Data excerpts
□ □ □

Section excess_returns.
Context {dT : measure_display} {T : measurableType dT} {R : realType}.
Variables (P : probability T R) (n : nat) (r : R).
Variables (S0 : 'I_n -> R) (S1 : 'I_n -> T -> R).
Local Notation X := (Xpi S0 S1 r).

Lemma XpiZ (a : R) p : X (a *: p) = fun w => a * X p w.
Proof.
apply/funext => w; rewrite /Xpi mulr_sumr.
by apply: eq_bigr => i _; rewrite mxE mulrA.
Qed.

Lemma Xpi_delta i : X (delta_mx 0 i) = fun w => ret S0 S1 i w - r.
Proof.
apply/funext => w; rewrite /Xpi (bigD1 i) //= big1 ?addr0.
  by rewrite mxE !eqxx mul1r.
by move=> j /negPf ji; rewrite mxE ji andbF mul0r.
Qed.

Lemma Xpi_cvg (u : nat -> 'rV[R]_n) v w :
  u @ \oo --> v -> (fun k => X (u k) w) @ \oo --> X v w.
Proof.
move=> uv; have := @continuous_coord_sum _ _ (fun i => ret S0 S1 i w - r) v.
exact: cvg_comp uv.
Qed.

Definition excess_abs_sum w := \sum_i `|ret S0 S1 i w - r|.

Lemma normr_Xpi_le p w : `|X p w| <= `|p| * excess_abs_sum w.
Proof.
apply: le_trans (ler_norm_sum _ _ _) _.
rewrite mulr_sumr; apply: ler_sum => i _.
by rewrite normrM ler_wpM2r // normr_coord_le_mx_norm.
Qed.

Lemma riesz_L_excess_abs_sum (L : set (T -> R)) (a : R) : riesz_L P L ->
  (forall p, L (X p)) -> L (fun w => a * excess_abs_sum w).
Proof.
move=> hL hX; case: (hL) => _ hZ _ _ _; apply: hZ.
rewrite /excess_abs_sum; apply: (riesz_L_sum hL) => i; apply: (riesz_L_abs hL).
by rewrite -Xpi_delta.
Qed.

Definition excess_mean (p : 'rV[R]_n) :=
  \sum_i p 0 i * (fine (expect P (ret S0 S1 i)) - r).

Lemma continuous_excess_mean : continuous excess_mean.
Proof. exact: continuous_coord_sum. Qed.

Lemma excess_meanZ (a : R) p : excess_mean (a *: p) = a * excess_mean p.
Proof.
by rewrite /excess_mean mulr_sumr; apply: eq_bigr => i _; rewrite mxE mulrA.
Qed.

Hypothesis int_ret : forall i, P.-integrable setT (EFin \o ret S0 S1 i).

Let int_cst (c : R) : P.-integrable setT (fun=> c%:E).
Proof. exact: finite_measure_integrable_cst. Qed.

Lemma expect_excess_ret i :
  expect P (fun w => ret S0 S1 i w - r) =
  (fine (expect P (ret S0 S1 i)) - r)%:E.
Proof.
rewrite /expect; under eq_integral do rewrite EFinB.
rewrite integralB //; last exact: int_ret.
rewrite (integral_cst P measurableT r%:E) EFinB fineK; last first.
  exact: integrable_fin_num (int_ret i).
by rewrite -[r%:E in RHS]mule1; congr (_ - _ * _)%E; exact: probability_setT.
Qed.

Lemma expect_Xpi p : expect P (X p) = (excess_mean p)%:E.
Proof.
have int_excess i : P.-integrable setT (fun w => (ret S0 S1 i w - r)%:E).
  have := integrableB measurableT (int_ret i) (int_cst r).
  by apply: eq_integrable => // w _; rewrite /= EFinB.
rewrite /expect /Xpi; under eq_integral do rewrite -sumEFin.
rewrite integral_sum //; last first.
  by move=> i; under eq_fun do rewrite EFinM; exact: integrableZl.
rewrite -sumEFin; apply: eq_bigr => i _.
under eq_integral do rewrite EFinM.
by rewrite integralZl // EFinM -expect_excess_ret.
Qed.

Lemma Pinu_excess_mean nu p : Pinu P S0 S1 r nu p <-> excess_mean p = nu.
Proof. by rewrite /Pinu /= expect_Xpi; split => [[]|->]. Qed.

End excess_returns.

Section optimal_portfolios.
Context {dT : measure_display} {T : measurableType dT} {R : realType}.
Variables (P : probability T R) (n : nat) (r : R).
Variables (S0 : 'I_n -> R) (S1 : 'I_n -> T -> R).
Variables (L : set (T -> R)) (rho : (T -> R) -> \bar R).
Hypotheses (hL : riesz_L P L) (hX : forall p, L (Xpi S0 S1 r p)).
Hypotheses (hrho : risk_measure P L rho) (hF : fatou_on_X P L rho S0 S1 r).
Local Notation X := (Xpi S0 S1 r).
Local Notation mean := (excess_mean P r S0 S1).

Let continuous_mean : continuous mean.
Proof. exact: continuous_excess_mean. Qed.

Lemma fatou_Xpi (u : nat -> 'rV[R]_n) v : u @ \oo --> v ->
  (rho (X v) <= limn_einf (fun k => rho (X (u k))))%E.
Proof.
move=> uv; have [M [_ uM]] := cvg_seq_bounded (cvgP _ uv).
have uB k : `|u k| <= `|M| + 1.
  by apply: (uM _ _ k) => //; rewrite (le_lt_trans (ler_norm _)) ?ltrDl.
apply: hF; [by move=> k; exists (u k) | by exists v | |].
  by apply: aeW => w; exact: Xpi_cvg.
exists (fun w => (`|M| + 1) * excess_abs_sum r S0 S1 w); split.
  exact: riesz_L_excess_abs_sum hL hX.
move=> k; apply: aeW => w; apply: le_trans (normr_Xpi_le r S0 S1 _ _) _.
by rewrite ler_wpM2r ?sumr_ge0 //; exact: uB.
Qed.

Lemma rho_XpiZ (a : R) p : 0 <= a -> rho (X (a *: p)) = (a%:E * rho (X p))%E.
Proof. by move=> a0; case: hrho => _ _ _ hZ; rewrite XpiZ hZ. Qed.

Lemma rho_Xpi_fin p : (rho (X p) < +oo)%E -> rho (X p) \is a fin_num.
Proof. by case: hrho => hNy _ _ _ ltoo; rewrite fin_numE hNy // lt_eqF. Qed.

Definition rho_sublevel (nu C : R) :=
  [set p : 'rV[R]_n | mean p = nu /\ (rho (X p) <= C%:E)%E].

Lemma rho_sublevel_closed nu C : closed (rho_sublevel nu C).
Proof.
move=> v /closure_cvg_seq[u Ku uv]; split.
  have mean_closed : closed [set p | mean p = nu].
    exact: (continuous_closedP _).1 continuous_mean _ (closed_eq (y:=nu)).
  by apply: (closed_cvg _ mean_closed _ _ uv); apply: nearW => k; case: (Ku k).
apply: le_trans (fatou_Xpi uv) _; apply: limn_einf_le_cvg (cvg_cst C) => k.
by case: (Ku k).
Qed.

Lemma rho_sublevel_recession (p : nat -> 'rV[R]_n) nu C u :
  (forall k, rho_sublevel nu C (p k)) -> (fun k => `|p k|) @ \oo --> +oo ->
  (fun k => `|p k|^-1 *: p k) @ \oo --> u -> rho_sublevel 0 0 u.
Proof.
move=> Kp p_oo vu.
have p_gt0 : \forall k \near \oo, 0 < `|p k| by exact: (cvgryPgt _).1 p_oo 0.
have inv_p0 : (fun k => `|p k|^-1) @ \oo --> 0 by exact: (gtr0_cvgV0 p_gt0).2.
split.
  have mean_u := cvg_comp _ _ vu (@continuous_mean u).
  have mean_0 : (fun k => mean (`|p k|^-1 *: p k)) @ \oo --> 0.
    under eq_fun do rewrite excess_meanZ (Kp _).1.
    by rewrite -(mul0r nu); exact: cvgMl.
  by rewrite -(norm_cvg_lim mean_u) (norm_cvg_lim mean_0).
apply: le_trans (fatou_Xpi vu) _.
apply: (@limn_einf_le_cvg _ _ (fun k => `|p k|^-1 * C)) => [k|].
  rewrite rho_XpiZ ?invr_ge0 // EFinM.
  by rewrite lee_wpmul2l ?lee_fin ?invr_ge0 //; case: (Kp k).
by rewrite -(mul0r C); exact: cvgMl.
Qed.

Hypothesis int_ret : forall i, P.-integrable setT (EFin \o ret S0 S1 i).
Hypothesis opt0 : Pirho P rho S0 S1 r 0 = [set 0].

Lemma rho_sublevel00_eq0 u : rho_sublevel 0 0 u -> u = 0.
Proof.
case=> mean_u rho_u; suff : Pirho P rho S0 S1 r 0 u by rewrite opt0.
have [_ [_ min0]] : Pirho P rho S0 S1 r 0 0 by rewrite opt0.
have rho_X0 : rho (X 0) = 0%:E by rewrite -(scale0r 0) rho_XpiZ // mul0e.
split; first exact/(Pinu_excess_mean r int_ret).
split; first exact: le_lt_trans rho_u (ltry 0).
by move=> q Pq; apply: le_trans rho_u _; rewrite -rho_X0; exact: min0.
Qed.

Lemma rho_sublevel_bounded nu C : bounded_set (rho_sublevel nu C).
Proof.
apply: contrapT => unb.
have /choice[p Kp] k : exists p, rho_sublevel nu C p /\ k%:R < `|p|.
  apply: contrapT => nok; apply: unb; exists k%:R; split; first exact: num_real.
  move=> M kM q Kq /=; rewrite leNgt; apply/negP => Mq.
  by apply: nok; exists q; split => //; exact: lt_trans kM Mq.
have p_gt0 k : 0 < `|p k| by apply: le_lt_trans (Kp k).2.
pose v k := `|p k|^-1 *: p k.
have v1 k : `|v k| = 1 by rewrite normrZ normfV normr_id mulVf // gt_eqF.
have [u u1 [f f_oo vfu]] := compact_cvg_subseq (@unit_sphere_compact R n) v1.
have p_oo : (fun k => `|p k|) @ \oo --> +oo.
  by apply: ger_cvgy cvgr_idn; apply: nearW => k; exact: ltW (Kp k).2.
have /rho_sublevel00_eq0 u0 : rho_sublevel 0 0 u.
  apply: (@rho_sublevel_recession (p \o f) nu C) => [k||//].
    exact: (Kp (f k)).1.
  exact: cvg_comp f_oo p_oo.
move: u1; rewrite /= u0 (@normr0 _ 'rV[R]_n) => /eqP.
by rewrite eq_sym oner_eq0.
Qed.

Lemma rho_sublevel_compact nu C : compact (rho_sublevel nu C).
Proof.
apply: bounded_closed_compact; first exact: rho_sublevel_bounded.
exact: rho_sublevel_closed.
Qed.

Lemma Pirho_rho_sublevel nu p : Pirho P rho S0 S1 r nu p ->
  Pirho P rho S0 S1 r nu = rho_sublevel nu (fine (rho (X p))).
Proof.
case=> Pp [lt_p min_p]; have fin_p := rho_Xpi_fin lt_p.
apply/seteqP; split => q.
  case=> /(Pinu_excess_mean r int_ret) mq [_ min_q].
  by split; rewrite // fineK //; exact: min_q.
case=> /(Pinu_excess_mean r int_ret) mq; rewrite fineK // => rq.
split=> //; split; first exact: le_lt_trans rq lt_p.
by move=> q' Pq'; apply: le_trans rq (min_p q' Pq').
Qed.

□ □ □

:: What you are asked to do ::
Please transcribe the data above without changes, from its first line to its "Lemma continuous_excess_mean : continuous" line, and leave out anything past that.

:: Task response ::
Section excess_returns.
Context {dT : measure_display} {T : measurableType dT} {R : realType}.
Variables (P : probability T R) (n : nat) (r : R).
Variables (S0 : 'I_n -> R) (S1 : 'I_n -> T -> R).
Local Notation X := (Xpi S0 S1 r).

Lemma XpiZ (a : R) p : X (a *: p) = fun w => a * X p w.
Proof.
apply/funext => w; rewrite /Xpi mulr_sumr.
by apply: eq_bigr => i _; rewrite mxE mulrA.
Qed.

Lemma Xpi_delta i : X (delta_mx 0 i) = fun w => ret S0 S1 i w - r.
Proof.
apply/funext => w; rewrite /Xpi (bigD1 i) //= big1 ?addr0.
  by rewrite mxE !eqxx mul1r.
by move=> j /negPf ji; rewrite mxE ji andbF mul0r.
Qed.

Lemma Xpi_cvg (u : nat -> 'rV[R]_n) v w :
  u @ \oo --> v -> (fun k => X (u k) w) @ \oo --> X v w.
Proof.
move=> uv; have := @continuous_coord_sum _ _ (fun i => ret S0 S1 i w - r) v.
exact: cvg_comp uv.
Qed.

Definition excess_abs_sum w := \sum_i `|ret S0 S1 i w - r|.

Lemma normr_Xpi_le p w : `|X p w| <= `|p| * excess_abs_sum w.
Proof.
apply: le_trans (ler_norm_sum _ _ _) _.
rewrite mulr_sumr; apply: ler_sum => i _.
by rewrite normrM ler_wpM2r // normr_coord_le_mx_norm.
Qed.

Lemma riesz_L_excess_abs_sum (L : set (T -> R)) (a : R) : riesz_L P L ->
  (forall p, L (X p)) -> L (fun w => a * excess_abs_sum w).
Proof.
move=> hL hX; case: (hL) => _ hZ _ _ _; apply: hZ.
rewrite /excess_abs_sum; apply: (riesz_L_sum hL) => i; apply: (riesz_L_abs hL).
by rewrite -Xpi_delta.
Qed.

Definition excess_mean (p : 'rV[R]_n) :=
  \sum_i p 0 i * (fine (expect P (ret S0 S1 i)) - r).

Lemma continuous_excess_mean : continuous excess_mean.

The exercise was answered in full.